══ Data for this task

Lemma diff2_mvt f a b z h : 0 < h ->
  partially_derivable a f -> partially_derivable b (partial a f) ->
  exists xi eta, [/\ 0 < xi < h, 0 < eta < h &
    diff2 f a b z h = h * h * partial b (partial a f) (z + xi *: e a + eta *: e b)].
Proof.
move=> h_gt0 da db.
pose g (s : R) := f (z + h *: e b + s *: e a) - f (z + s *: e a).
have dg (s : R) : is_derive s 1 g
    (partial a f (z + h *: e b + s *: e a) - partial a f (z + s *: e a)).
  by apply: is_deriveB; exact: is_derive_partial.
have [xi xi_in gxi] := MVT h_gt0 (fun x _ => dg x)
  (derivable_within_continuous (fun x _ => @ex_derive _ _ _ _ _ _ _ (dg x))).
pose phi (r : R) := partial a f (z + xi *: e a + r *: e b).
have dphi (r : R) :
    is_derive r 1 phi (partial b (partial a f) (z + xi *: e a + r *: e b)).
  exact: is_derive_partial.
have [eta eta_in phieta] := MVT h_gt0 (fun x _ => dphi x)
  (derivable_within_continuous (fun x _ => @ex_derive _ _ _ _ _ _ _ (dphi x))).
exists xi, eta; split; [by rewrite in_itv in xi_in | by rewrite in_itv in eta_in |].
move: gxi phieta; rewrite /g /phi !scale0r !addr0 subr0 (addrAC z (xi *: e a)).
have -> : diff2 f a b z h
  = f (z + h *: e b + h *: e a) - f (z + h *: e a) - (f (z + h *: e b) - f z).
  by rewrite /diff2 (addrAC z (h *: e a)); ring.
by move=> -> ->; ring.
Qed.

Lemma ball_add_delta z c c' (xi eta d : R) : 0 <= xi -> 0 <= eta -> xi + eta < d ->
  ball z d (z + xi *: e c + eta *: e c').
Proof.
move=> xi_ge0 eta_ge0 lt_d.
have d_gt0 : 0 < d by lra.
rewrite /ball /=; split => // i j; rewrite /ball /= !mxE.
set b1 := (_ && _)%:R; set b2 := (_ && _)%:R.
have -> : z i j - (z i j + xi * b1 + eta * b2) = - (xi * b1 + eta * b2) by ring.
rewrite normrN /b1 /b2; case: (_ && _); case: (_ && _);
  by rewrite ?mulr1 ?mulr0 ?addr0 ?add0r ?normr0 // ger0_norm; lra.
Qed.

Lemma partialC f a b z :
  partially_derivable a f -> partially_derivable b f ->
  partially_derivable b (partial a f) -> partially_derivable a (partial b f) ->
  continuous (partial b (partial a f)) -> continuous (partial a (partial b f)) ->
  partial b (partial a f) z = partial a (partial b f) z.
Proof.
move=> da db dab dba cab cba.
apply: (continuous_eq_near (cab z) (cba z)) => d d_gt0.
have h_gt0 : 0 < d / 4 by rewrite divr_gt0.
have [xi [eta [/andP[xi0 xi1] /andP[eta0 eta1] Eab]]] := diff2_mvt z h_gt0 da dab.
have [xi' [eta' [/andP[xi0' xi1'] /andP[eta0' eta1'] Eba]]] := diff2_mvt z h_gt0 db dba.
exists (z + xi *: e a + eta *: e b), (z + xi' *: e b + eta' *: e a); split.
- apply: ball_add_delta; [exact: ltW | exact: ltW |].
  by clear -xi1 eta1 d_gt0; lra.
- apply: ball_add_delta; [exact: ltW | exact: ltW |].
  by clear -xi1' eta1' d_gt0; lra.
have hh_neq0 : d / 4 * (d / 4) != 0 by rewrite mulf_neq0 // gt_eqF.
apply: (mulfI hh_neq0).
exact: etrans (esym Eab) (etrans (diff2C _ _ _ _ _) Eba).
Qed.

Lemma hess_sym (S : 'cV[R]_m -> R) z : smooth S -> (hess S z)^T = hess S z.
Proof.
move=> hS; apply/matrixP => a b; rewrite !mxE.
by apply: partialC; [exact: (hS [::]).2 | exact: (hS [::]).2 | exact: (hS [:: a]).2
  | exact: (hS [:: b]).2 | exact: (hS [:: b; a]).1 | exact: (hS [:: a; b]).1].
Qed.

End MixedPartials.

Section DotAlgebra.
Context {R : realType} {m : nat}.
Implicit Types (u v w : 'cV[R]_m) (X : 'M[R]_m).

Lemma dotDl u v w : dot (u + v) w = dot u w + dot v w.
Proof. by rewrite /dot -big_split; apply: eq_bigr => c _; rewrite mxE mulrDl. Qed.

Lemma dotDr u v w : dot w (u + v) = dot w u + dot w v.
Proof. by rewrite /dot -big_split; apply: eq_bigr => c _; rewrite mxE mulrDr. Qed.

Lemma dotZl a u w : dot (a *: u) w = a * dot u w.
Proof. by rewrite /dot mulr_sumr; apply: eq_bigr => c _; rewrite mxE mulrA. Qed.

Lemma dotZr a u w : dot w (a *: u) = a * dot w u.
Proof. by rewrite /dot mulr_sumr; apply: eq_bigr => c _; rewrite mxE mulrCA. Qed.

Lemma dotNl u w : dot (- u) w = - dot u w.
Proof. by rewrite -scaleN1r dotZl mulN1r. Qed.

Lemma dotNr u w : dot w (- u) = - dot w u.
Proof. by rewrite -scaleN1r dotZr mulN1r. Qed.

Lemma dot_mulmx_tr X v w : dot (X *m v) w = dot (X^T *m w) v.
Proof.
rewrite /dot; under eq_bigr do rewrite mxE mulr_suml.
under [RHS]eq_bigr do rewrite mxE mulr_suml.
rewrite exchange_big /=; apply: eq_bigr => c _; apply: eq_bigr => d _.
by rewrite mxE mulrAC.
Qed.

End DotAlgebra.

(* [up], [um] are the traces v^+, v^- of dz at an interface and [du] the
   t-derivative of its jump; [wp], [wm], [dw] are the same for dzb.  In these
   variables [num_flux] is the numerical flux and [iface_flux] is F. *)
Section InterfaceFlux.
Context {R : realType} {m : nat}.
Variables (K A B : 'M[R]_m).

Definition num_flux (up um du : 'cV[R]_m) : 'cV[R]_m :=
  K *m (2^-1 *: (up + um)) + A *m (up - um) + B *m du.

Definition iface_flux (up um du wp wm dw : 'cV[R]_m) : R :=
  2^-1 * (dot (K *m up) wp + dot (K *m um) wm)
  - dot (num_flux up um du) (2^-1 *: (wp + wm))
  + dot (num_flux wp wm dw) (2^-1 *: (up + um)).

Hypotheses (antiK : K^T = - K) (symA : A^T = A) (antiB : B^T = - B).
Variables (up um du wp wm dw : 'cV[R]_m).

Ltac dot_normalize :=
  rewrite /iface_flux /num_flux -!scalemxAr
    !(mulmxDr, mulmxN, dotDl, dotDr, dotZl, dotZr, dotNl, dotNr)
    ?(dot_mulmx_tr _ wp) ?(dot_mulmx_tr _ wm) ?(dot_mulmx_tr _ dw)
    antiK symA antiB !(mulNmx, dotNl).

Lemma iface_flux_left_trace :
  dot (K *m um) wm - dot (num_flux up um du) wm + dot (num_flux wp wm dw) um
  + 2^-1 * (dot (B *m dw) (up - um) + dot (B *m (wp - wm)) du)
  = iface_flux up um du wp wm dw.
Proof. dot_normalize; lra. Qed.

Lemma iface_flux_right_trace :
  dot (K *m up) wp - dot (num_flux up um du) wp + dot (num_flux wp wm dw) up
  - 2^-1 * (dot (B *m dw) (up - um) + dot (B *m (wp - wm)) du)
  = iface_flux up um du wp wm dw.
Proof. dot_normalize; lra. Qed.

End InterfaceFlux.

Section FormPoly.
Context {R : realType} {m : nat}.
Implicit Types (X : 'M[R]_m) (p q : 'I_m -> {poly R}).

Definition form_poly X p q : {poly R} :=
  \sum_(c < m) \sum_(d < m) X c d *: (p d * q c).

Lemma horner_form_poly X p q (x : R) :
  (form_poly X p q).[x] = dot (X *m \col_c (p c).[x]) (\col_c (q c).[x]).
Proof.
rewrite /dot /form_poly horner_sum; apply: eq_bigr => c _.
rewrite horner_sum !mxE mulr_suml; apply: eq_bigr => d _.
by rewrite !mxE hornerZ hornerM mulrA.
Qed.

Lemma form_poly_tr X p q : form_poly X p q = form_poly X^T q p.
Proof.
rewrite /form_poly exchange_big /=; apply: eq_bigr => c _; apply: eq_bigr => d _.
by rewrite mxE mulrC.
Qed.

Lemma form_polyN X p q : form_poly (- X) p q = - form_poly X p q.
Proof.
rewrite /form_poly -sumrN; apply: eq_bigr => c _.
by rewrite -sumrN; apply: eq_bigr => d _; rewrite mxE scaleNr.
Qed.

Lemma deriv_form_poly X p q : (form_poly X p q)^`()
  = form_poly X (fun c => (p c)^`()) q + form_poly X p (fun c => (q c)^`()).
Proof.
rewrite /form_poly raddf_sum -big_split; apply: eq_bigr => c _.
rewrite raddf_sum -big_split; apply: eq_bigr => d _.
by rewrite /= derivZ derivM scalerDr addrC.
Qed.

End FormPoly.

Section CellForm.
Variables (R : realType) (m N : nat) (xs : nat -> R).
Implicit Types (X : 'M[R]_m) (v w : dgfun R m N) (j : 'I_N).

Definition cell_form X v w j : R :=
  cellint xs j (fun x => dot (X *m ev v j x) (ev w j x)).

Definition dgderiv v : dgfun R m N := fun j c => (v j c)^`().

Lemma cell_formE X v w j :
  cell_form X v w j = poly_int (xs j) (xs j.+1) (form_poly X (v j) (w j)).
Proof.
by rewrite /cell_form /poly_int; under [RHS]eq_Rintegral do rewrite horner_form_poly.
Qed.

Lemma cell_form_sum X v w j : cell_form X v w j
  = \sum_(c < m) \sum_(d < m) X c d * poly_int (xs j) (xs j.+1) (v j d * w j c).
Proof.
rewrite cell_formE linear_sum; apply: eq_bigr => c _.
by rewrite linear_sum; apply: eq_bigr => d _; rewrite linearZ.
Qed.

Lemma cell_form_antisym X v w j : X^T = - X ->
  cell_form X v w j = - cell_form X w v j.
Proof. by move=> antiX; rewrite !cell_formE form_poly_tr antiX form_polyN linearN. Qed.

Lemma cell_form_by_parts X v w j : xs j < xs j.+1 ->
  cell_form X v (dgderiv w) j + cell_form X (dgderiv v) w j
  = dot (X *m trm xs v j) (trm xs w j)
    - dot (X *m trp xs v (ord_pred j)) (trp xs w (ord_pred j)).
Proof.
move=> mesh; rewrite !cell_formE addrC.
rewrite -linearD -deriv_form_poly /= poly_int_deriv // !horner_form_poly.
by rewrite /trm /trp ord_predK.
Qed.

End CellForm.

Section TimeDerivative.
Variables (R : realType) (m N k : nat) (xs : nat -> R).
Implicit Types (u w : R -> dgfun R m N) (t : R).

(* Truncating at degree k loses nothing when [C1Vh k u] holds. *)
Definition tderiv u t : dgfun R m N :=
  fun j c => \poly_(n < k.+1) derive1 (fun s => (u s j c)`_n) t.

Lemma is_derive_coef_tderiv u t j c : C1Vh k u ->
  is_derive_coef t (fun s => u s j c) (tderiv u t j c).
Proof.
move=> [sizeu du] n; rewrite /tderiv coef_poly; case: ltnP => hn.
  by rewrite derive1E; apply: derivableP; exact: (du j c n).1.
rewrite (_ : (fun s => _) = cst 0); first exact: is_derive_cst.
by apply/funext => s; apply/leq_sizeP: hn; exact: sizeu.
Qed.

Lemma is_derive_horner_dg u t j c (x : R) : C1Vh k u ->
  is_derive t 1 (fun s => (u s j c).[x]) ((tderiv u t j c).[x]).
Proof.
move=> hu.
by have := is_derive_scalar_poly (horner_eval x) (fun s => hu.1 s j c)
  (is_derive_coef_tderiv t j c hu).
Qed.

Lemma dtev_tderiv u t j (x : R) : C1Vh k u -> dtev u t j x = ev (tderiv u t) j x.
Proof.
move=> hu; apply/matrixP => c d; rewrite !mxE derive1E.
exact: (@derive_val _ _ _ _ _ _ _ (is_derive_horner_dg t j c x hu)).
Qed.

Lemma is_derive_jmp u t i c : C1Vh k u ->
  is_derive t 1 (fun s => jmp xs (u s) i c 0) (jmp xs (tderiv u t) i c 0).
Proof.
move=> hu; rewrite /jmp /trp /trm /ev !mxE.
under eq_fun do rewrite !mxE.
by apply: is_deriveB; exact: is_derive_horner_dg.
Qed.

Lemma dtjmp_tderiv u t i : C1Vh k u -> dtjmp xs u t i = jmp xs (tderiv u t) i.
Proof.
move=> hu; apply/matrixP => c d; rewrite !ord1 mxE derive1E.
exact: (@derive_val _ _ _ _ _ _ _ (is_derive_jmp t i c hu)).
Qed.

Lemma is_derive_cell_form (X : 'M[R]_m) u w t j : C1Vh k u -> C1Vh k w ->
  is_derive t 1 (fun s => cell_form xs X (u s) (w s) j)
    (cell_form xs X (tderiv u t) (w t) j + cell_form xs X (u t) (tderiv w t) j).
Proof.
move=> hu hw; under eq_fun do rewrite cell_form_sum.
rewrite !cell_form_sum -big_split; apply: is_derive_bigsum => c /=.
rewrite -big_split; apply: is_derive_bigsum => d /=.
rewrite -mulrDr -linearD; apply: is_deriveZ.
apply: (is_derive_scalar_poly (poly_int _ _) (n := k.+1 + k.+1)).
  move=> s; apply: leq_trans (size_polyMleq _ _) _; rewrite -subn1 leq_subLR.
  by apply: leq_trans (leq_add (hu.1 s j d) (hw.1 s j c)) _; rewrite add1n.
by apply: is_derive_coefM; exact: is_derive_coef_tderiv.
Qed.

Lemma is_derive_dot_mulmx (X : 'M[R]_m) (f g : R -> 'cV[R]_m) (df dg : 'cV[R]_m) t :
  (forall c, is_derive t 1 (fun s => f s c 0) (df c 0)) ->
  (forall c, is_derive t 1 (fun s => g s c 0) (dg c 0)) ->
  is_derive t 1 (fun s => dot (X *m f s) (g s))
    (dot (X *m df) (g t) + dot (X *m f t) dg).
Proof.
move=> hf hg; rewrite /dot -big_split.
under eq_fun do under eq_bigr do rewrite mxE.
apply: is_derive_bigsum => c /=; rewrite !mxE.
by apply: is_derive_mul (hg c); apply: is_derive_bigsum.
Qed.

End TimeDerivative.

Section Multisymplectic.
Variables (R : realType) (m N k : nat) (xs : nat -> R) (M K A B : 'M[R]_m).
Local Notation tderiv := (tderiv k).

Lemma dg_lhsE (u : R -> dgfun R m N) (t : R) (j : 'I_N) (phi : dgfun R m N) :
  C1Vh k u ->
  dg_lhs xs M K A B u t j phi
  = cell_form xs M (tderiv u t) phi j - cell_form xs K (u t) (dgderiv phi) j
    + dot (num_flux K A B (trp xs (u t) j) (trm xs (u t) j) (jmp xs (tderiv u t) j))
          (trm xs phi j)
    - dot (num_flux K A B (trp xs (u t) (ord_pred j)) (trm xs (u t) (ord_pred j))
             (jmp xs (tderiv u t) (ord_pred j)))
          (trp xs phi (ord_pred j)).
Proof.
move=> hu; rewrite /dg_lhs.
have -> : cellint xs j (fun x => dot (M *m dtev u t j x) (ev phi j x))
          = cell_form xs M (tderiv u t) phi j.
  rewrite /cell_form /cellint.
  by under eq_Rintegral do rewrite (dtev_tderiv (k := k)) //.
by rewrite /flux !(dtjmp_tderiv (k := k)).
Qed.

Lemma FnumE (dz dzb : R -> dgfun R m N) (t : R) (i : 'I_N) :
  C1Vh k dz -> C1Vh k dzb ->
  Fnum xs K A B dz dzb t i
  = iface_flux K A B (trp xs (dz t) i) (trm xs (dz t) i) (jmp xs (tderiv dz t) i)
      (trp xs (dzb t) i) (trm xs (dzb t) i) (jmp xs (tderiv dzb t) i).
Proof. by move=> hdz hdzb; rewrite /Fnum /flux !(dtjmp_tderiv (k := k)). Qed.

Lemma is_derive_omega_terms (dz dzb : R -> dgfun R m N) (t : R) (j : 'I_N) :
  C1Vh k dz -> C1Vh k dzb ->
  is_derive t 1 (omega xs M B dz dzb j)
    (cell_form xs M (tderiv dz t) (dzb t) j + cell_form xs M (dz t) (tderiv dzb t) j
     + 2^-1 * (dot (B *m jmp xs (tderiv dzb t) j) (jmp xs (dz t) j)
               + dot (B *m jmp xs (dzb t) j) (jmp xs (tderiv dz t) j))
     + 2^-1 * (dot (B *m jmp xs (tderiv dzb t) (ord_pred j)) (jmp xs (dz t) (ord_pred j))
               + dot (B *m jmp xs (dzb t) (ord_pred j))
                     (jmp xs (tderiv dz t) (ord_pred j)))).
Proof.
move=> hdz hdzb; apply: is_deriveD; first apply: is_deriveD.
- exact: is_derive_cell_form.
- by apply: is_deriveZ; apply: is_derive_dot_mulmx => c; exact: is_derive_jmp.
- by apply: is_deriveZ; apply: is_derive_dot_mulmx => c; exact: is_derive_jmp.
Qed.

════

> [Try it]:
Restate the data verbatim through the "move=> h_gt0 da db." line.

> [Expected output]:
Lemma diff2_mvt f a b z h : 0 < h ->
  partially_derivable a f -> partially_derivable b (partial a f) ->
  exists xi eta, [/\ 0 < xi < h, 0 < eta < h &
    diff2 f a b z h = h * h * partial b (partial a f) (z + xi *: e a + eta *: e b)].
Proof.
move=> h_gt0 da db.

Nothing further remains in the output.